Based on the entries below, how many lines contain the word "Rmax"? Respond with only the number.

─── Data for this exercise ───

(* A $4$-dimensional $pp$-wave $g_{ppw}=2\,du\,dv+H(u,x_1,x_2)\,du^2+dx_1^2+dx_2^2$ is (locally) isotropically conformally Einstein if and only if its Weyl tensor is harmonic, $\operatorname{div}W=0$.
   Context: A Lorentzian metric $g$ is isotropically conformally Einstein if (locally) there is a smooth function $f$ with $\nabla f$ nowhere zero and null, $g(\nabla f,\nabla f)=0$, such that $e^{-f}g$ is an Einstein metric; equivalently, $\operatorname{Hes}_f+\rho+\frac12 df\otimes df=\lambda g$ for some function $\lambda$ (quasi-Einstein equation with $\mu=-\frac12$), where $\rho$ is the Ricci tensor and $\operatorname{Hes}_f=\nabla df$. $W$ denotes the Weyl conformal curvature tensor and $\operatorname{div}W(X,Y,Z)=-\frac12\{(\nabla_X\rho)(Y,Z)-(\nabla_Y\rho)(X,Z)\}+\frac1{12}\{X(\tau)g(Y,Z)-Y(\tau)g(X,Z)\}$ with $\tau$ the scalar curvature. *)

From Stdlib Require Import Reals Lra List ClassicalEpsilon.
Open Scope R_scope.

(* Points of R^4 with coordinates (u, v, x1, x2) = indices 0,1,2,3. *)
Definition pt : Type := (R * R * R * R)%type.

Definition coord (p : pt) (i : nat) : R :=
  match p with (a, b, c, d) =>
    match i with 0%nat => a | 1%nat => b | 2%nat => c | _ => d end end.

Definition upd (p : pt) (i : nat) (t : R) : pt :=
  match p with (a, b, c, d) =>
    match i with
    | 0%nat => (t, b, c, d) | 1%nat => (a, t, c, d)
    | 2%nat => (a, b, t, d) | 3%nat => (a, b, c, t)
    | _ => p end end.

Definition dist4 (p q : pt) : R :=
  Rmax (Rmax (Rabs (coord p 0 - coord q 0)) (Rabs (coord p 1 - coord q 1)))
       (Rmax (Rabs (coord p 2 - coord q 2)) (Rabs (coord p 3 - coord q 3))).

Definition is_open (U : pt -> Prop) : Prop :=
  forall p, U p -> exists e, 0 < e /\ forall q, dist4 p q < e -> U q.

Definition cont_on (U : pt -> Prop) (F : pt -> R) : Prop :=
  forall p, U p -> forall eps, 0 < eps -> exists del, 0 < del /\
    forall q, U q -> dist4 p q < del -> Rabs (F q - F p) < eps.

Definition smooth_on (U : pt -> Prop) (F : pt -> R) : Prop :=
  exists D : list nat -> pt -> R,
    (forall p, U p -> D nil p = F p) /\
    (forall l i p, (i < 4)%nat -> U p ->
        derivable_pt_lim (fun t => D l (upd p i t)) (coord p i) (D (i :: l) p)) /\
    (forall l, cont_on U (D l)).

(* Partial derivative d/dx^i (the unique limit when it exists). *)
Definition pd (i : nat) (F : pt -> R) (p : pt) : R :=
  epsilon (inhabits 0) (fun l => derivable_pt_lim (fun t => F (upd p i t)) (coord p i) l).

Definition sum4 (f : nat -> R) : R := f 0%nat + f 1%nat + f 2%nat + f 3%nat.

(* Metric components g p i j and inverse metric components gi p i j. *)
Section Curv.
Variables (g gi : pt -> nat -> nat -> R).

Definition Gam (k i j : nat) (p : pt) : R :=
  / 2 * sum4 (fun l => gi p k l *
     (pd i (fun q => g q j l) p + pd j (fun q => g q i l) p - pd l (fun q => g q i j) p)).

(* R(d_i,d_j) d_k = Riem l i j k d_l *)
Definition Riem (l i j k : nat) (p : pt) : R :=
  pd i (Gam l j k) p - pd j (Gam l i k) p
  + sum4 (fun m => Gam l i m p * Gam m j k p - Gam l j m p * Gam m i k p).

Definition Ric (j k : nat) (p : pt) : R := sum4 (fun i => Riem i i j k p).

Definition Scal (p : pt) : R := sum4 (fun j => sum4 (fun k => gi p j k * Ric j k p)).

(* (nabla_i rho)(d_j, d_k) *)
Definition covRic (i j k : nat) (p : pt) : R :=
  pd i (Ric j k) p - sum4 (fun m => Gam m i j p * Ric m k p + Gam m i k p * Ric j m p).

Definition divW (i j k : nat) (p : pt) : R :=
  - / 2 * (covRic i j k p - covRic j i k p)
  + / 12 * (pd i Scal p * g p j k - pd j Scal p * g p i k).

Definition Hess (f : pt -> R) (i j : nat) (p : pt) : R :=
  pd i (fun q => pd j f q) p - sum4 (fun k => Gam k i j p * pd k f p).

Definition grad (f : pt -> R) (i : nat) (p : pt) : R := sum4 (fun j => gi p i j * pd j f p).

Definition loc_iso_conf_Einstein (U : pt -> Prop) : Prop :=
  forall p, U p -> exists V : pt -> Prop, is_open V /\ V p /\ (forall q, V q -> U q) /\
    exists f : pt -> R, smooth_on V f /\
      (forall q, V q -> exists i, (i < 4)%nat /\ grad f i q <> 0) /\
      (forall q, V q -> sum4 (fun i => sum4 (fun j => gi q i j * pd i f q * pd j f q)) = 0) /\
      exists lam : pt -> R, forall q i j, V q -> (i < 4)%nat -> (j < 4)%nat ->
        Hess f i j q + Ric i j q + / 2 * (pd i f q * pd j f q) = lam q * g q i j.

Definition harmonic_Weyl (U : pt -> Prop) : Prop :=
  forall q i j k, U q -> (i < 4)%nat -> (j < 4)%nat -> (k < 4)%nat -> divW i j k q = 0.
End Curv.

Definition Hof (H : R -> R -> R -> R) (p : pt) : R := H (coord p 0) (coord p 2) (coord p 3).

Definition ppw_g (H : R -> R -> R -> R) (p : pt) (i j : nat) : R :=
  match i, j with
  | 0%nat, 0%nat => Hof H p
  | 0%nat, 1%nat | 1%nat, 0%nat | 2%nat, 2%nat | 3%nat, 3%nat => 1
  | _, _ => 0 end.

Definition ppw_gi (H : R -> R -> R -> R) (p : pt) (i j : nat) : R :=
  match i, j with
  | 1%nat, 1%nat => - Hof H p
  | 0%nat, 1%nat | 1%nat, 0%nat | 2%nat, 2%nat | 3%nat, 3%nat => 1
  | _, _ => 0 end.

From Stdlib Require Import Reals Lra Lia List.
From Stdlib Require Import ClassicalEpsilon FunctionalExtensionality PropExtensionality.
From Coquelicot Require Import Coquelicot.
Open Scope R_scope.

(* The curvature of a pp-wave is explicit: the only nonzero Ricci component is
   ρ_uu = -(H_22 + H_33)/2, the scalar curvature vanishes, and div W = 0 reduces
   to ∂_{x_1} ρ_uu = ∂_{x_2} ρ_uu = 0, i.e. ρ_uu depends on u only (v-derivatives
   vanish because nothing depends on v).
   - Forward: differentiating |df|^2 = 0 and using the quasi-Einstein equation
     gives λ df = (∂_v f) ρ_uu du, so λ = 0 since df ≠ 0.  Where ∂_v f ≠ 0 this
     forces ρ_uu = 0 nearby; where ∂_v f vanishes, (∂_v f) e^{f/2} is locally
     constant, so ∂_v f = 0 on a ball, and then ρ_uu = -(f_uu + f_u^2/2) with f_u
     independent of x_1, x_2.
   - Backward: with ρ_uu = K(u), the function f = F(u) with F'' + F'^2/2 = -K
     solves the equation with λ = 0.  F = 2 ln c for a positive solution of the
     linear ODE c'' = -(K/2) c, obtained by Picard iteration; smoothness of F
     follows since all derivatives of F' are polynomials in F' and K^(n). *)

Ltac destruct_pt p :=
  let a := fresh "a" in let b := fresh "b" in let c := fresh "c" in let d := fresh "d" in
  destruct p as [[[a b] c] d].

───

Solution to this exercise: 2